Records:
Lemma det_id_add_rank1 (R : comNzRingType) n (u : 'cV[R]_n) (v : 'rV[R]_n) :
  \det (1%:M + u *m v) = 1 + (v *m u) 0 0.
Proof.
have E1 : block_mx (1%:M + u *m v) u 0 1%:M *m block_mx 1%:M 0 (-v) 1%:M
          = block_mx 1%:M u (-v) (1%:M : 'M_1).
  by rewrite mulmx_block !mulmx1 !mul0mx !mulmx0 !mul1mx !add0r mulmxN addrK.
have E2 : block_mx 1%:M 0 (-v) 1%:M *m block_mx 1%:M u 0 (1%:M + v *m u)
          = block_mx 1%:M u (-v) (1%:M : 'M_1).
  by rewrite mulmx_block !mulmx1 !mul0mx !mulmx0 !mul1mx !addr0 mulNmx addrCA addNr addr0.
have := congr1 determinant (etrans E1 (esym E2)).
rewrite !det_mulmx det_ublock det_lblock det_ublock !det1 !mulr1 mul1r.
by rewrite det_mx11 !mxE mul1r eqxx => ->.
Qed.

Lemma det_scalar_sub_const (F : fieldType) n (s k : F) : s != 0 ->
  \det (s%:M - const_mx k : 'M_n) = s ^+ n * (1 - k *+ n / s).
Proof.
move=> s0.
have -> : s%:M - const_mx k =
    s *: (1%:M + const_mx (- (k / s)) *m (const_mx 1 : 'rV_n)) :> 'M[F]_n.
  apply/matrixP => i j; rewrite !mxE big_ord1 !mxE.
  by case: eqP => _; rewrite ?mulr1n ?mulr0n; field.
rewrite detZ det_id_add_rank1 !mxE (eq_bigr (fun=> - (k / s))) => [|j _].
  by rewrite sumr_const card_ord mulNrn -mulrnAl.
by rewrite !mxE mul1r.
Qed.
(* Both ways of
   failing conical position (0 in conv A, a point in the positive hull of the
   others) give a nontrivial dependency with at most one negative coefficient. *)
Lemma conical_of_dependencies (A : seq V) : uniq A ->
  (forall g : V -> R, \sum_(v <- A) g v *: v = 0 ->
     {in A, forall v, g v = 0} \/ two_negative A g) ->
  conical_position A.
Proof.
move=> uA dep; split.
  case=> c [c_ge0 [c_sum1 c_dep]].
  rewrite (sum_point_coef c (fun a v => a *: v) uA) in c_dep.
  rewrite (sum_point_coef c (fun a _ => a) uA) in c_sum1.
  case: (dep _ c_dep) => [c0|[v1 [_ [_ _ _ c1_lt0 _]]]].
    have sum0 : \sum_(v <- A) point_coef c v = 0 by rewrite big_seq big1 // => v /c0.
    by move: c_sum1; rewrite sum0 => /eqP; rewrite eq_sym oner_eq0.
  by move: (point_coef_ge0 v1 c_ge0); rewrite leNgt c1_lt0.
move=> a aA [c [c_ge0 c_comb]].
have ur : uniq (rem a A) by exact: rem_uniq.
rewrite (sum_point_coef c (fun a v => a *: v) ur) in c_comb.
pose g v := if v == a then -1 else point_coef c v.
have g_ge0 v : v != a -> 0 <= g v.
  by move=> /negbTE va; rewrite /g va; apply: point_coef_ge0.
have g_dep : \sum_(v <- A) g v *: v = 0.
  rewrite (perm_big _ (perm_to_rem aA)) big_cons /g eqxx scaleN1r.
  rewrite -[RHS](addNr a); congr (_ + _).
  rewrite -[RHS]c_comb big_seq [RHS]big_seq; apply: eq_bigr => v vr.
  by case: eqP vr => // ->; rewrite (mem_rem_uniqF _ uA).
case: (dep g g_dep) => [g0|[v1 [v2 [_ _ v12 g1 g2]]]].
  by move: (g0 a aA); rewrite /g eqxx => /eqP; rewrite oppr_eq0 oner_eq0.
have [v1a|v1a] := eqVneq v1 a; last by move: (g_ge0 _ v1a); rewrite leNgt g1.
have v2a : v2 != a by rewrite -v1a eq_sym.
by move: (g_ge0 _ v2a); rewrite leNgt g2.
Qed.

End ConicalCriterion.

Section Simplex.
Variables (R : realType) (n : nat).
Notation V := ('rV[R]_n).
Variable e : 'I_n.+1 -> V.
Hypothesis he_aff : affinely_independent e.
Hypothesis he_sum : \sum_i e i = 0.

Lemma simplex_dependency_const (c : 'I_n.+1 -> R) :
  \sum_i c i *: e i = 0 -> forall i j, c i = c j.
Proof.
move=> c_dep.
pose m := (\sum_i c i) / n.+1%:R.
suff c_m i : c i = m by move=> i j; rewrite !c_m.
apply/eqP; rewrite -subr_eq0; apply/eqP; apply: (he_aff (c := fun i => c i - m)).
  rewrite sumrB sumr_const card_ord -mulr_natr /m divfK ?subrr //.
  by rewrite pnatr_eq0.
under eq_bigr do rewrite scalerBl.
by rewrite sumrB c_dep -scaler_sumr he_sum scaler0 subrr.
Qed.

Lemma simplex_coords_diff_const (c d : 'I_n.+1 -> R) :
  \sum_i c i *: e i = \sum_i d i *: e i -> forall i j, c i - d i = c j - d j.
Proof.
move=> cd; apply: simplex_dependency_const.
under eq_bigr do rewrite scalerBl.
by rewrite sumrB cd subrr.
Qed.

Lemma sum_delta_vertex (i : 'I_n.+1) : \sum_k (k == i)%:R *: e k = e i.
Proof.
rewrite (eq_bigr (fun k => if k == i then e k else 0)).
  by rewrite -big_mkcond big_pred1_eq.
by move=> k _; case: eqP => _; rewrite ?scale1r ?scale0r.
Qed.

Lemma vertex_inj : injective e.
Proof.
move=> i j eij; apply/eqP/negPn/negP => ij.
have := simplex_coords_diff_const (c := fun k => (k == i)%:R)
  (d := fun k => (k == j)%:R).
rewrite !sum_delta_vertex eij => /(_ erefl i j).
rewrite eqxx (negbTE ij) eq_sym (negbTE ij) eqxx /=; lra.
Qed.

Definition coef_on (S : {set 'I_n.+1}) (c : 'I_n.+1 -> R) (i : 'I_n.+1) : R :=
  if i \in S then c i else 0.

Lemma coef_on_in (S : {set 'I_n.+1}) (c : 'I_n.+1 -> R) (i : 'I_n.+1) :
  i \in S -> coef_on S c i = c i.
Proof. by rewrite /coef_on => ->. Qed.

Lemma coef_on_out (S : {set 'I_n.+1}) (c : 'I_n.+1 -> R) (i : 'I_n.+1) :
  i \notin S -> coef_on S c i = 0.
Proof. by rewrite /coef_on => /negbTE ->. Qed.

Lemma pos_repr_coords (x : V) (S : {set 'I_n.+1}) (c : 'I_n.+1 -> R) :
  pos_repr e x S c -> x = \sum_i coef_on S c i *: e i.
Proof.
move=> [_ ->]; rewrite big_mkcond; apply: eq_bigr => i _; rewrite /coef_on.
by case: (i \in S); rewrite ?scale0r.
Qed.

Lemma pos_repr_neq_vertex (x : V) (S : {set 'I_n.+1}) (c : 'I_n.+1 -> R)
    (a b i : 'I_n.+1) :
  pos_repr e x S c -> a \in S -> b \notin S -> i != a -> x != e i.
Proof.
move=> xc aS bS ia; apply/eqP => xi.
have := simplex_coords_diff_const (c := coef_on S c) (d := fun j => (j == i)%:R).
rewrite sum_delta_vertex -(pos_repr_coords xc) xi => /(_ erefl a b).
rewrite (coef_on_in c aS) (coef_on_out c bS) eq_sym (negbTE ia).
by have := xc.1 a aS; case: (b == i) => /=; lra.
Qed.

Lemma pos_repr_neq (p q : V) (Sp Sq : {set 'I_n.+1}) (l t : 'I_n.+1 -> R)
    (b m : 'I_n.+1) :
  pos_repr e p Sp l -> pos_repr e q Sq t -> b \notin Sp -> b \notin Sq ->
  m \in Sq -> m \notin Sp -> q != p.
Proof.
move=> pl qt bSp bSq mSq mSp; apply/eqP => qp.
have := simplex_coords_diff_const (c := coef_on Sp l) (d := coef_on Sq t).
rewrite -(pos_repr_coords pl) -(pos_repr_coords qt) qp => /(_ erefl m b).
rewrite (coef_on_out l mSp) (coef_on_in t mSq) (coef_on_out l bSp) (coef_on_out t bSq).
by have := qt.1 m mSq; lra.
Qed.

Definition dependency_coord (xs : seq V) (c : V -> 'I_n.+1 -> R)
    (P : {set 'I_n.+1}) (g : V -> R) (i : 'I_n.+1) : R :=
  \sum_(x <- xs) g x * c x i + (if i \in P then g (e i) else 0).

What you have to do: Return exactly, and only, the lines above starting at the line that contains "have [v1a|v1a] := eqVneq" and ending at the line that contains "Lemma simplex_dependency_const (c".

Exercise result:
have [v1a|v1a] := eqVneq v1 a; last by move: (g_ge0 _ v1a); rewrite leNgt g1.
have v2a : v2 != a by rewrite -v1a eq_sym.
by move: (g_ge0 _ v2a); rewrite leNgt g2.
Qed.

End ConicalCriterion.

Section Simplex.
Variables (R : realType) (n : nat).
Notation V := ('rV[R]_n).
Variable e : 'I_n.+1 -> V.
Hypothesis he_aff : affinely_independent e.
Hypothesis he_sum : \sum_i e i = 0.

Lemma simplex_dependency_const (c : 'I_n.+1 -> R) :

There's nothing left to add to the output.